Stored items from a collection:
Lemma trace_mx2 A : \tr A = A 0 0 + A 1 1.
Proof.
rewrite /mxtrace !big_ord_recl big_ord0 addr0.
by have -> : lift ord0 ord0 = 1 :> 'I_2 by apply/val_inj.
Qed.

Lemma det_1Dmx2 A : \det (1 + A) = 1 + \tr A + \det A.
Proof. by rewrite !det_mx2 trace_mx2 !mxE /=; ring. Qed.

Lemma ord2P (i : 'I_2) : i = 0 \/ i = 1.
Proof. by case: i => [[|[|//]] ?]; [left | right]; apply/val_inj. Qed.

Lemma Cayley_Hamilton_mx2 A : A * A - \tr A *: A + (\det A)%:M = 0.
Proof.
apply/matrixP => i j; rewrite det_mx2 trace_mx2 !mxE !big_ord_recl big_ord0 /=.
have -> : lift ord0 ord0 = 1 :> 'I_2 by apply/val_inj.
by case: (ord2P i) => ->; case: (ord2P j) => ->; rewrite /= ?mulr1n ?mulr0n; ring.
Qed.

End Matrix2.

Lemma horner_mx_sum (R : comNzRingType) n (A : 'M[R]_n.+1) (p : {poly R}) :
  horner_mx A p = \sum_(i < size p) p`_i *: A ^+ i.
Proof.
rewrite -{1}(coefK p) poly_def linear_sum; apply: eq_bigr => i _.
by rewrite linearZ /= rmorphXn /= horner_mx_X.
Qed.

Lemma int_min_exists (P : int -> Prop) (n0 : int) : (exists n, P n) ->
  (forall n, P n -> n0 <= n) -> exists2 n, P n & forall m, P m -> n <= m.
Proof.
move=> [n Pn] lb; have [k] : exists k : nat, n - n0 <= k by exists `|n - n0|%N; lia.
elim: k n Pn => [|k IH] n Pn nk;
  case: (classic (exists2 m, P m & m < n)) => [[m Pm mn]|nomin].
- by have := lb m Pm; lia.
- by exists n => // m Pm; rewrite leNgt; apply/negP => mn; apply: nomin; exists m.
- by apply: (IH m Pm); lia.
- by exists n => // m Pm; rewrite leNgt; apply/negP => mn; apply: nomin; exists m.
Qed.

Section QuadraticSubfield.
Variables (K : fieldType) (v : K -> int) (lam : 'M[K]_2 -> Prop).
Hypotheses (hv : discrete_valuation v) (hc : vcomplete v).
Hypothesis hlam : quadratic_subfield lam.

Your objective: Where does the string "Lemma" appear in the records? Copy every line that holds it.

Exercise solution:
Lemma trace_mx2 A : \tr A = A 0 0 + A 1 1.
Lemma det_1Dmx2 A : \det (1 + A) = 1 + \tr A + \det A.
Lemma ord2P (i : 'I_2) : i = 0 \/ i = 1.
Lemma Cayley_Hamilton_mx2 A : A * A - \tr A *: A + (\det A)%:M = 0.
Lemma horner_mx_sum (R : comNzRingType) n (A : 'M[R]_n.+1) (p : {poly R}) :
Lemma int_min_exists (P : int -> Prop) (n0 : int) : (exists n, P n) ->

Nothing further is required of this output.